In questi giorni, dal 4 al 6 gennaio 2013, si è tenuto,
fra Versailles e Parigi, l’XI Congresso Teologico Internazionale, organizzato
dalla dotta e valorosa testata Courrier de Rome, in collaborazione
con D.I.C.I., sotto la Presidenza di S.E. Monsignor Bernard Fellay, Superiore
Generale della Fraternità Sacerdotale San Pio X. Al Congresso erano presenti,
oltre a Monsignor Fellay, molti sacerdoti, suore e laici francesi,
statunitensi, belgi, italiani, tedeschi, svizzeri. Tema della tre giorni
è stato: Vatican
II, 50 ans après: quel bilan pour l’Église?

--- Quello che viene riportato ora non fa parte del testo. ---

Lemma lie_Yop_eA b i a : lie (Yop b) (eA i a) = \sum_k c b a k *: eA i k.
Proof.
rewrite lieDl lie_Xop_eA add0r lie_suml (bigD1 i) //= lie_eAeA.
by rewrite [X in _ + X]big1 ?addr0 // => l; apply: lie_eAeA_neq.
Qed.

Lemma lie_Yop_xA b a : lie (Yop b) (xA a) = \sum_g c b a g *: xA g.
Proof.
rewrite lieDl (lie_eq0_suml _ _ (fun i => lie_eAxA c a i b)) addr0.
rewrite lie_suml (bigD1 a) //= [X in _ + X]big1 ?addr0 => [|al al_a].
  rewrite lie_suml; apply: eq_bigr => g _.
  by rewrite lieMl lie_dAxA lieZl lie_xAxA scaler0 mul0r addr0 eqxx mulr1.
apply: lie_eq0_suml => g; rewrite lieMl lie_dAxA lieZl lie_xAxA.
by rewrite scaler0 mul0r addr0 (negbTE al_a) mulr0.
Qed.

Lemma lie_Yop_dA b a : lie (Yop b) (dA a) = \sum_k c b a k *: dA k.
Proof.
rewrite lieDl (lie_eq0_suml _ _ (fun i => lie_eAdA c a i b)) addr0.
rewrite lie_suml; apply: eq_bigr => al _.
rewrite lie_suml (bigD1 a) //= [X in _ + X]big1 ?addr0 => [|g g_a].
  rewrite lieMl lie_dAdA lieZl lie_xAdA mulr0 add0r eqxx scalerN mulNr.
  by rewrite -An_scalerAl mul1r -scaleNr -c_antisym23.
by rewrite lieMl lie_dAdA lieZl lie_xAdA mulr0 add0r eq_sym (negbTE g_a) oppr0 scaler0 mul0r.
Qed.

(* [u] and [v] transform like the basis [e_a] under [Y_b], so [sum_a u_a v_a]
   is the image of the invariant tensor [t_g]. *)
Lemma lie_Yop_invariant b (u v : 'I_d -> An) :
  (forall a, lie (Yop b) (u a) = \sum_k c b a k *: u k) ->
  (forall a, lie (Yop b) (v a) = \sum_k c b a k *: v k) ->
  lie (Yop b) (\sum_a u a * v a) = 0.
Proof.
move=> hu hv; rewrite -[RHS](sumZ_antisym_transpose (w := c b) (fun x y => u x * v y));
  last by move=> a k; apply: c_antisym23.
rewrite -big_split lie_sumr; apply: eq_bigr => a _ /=.
rewrite lieMr hu hv mulr_suml mulr_sumr; congr (_ + _); apply: eq_bigr => k _.
  by rewrite -An_scalerAl.
by rewrite -An_scalerAr.
Qed.

Lemma lie_Yop_xbar b i : lie (Yop b) (xbar i) = 0.
Proof. by apply: lie_Yop_invariant => a; [apply: lie_Yop_xA|apply: lie_Yop_eA]. Qed.
Lemma lie_Yop_ybar b i : lie (Yop b) (ybar i) = 0.
Proof.
by rewrite lieNr (lie_Yop_invariant (u := dA)) ?oppr0 // => a;
  [apply: lie_Yop_dA|apply: lie_Yop_eA].
Qed.
Lemma lie_Yop_tbar b i j : lie (Yop b) (tbar i j) = 0.
Proof. by apply: lie_Yop_invariant => a; apply: lie_Yop_eA. Qed.

End Invariance.

Section ExactRelations.
Variables (F : fieldType) (d n : nat) (c : 'I_d -> 'I_d -> 'I_d -> F).
Hypothesis hc : quadratic_lie c.
Local Notation An := (@An F d n c).
Local Notation xA := (@xA F d n c).
Local Notation dA := (@dA F d n c).
Local Notation eA := (@eA F d n c).
Local Notation xbar := (@xbar F d n c).
Local Notation ybar := (@ybar F d n c).
Local Notation tbar := (@tbar F d n c).

Lemma tbarC i j : i != j -> tbar i j = tbar j i.
Proof. by move=> ij; apply: eq_bigr => a _; apply/lie_eq0/lie_eAeA_neq. Qed.

Lemma lie_tbar_disjoint i j k l : uniq [:: i; j; k; l] -> lie (tbar i j) (tbar k l) = 0.
Proof.
rewrite /= !inE !negb_or => /and4P[/and3P[ik il jk] /andP[jk' jl] kl _].
apply: lie_eq0_suml => a; apply: lie_eq0_sumr => b.
by apply: lie_eq0Ml; apply: lie_eq0Mr; apply: lie_eAeA_neq.
Qed.

Lemma lie_xbar_tbar i j k : [&& i != j, i != k & j != k] -> lie (xbar i) (tbar j k) = 0.
Proof.
case/and3P => ij ik jk; apply: lie_eq0_suml => a.
by apply: lie_eq0Ml; apply: lie_eq0_sumr => b; apply: lie_eq0Mr;
  rewrite ?lie_xAeA ?lie_eAeA_neq.
Qed.
Lemma lie_ybar_tbar i j k : [&& i != j, i != k & j != k] -> lie (ybar i) (tbar j k) = 0.
Proof.
case/and3P => ij ik jk; apply/lie_eq0Nl/lie_eq0_suml => a.
by apply: lie_eq0Ml; apply: lie_eq0_sumr => b; apply: lie_eq0Mr;
  rewrite ?lie_dAeA ?lie_eAeA_neq.
Qed.

Lemma lie_xbar_xbar i j : lie (xbar i) (xbar j) = 0.
Proof.
have [<-|ij] := eqVneq i j; first exact: liexx.
apply: lie_eq0_suml => a; apply: lie_eq0Ml; apply: lie_eq0_sumr => b;
  by apply: lie_eq0Mr; rewrite ?lie_xAxA ?lie_xAeA ?lie_eAxA ?lie_eAeA_neq.
Qed.
Lemma lie_ybar_ybar i j : lie (ybar i) (ybar j) = 0.
Proof.
have [<-|ij] := eqVneq i j; first exact: liexx.
apply/lie_eq0Nl/lie_eq0Nr/lie_eq0_suml => a; apply: lie_eq0Ml; apply: lie_eq0_sumr => b;
  by apply: lie_eq0Mr; rewrite ?lie_dAdA ?lie_dAeA ?lie_eAdA ?lie_eAeA_neq.
Qed.

Lemma lie_xbar_ybar i j : i != j -> lie (xbar i) (ybar j) = tbar i j.
Proof.
move=> ij; rewrite /ybar lieNr lie_suml -sumrN; apply: eq_bigr => a _.
rewrite lie_sumr (eq_bigr (fun b => - ((b == a)%:R * (eA j b * eA i a)))) => [|b _].
  rewrite sumrN opprK sum_delta_mull.
  by apply/lie_eq0/lie_eAeA_neq; rewrite eq_sym.
rewrite lieMl (lie_eq0Mr (lie_eAdA _ _ _ _) (lie_eAeA_neq _ _ _ ij)) mulr0 add0r.
by rewrite lieMr lie_xAeA mulr0 addr0 lie_xAdA !mulNr -mulrA.
Qed.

Ossia: «Vaticano II, 50 anni
dopo: quale bilancio per la Chiesa?».
I relatori che si sono susseguiti al tavolo dei lavori hanno
offerto una disamina ampia e approfondita sulle diverse problematiche sorte nel
XXI Concilio. Le tesi proposte hanno realisticamente affrontato, sia da un
punto di vista storico, che filosofico, che dottrinale, il problema dello
scollamento fra la Chiesa della Tradizione e coloro che si sono lasciati
trascinare dalle seduzioni filosofico-culturali del mondo moderno.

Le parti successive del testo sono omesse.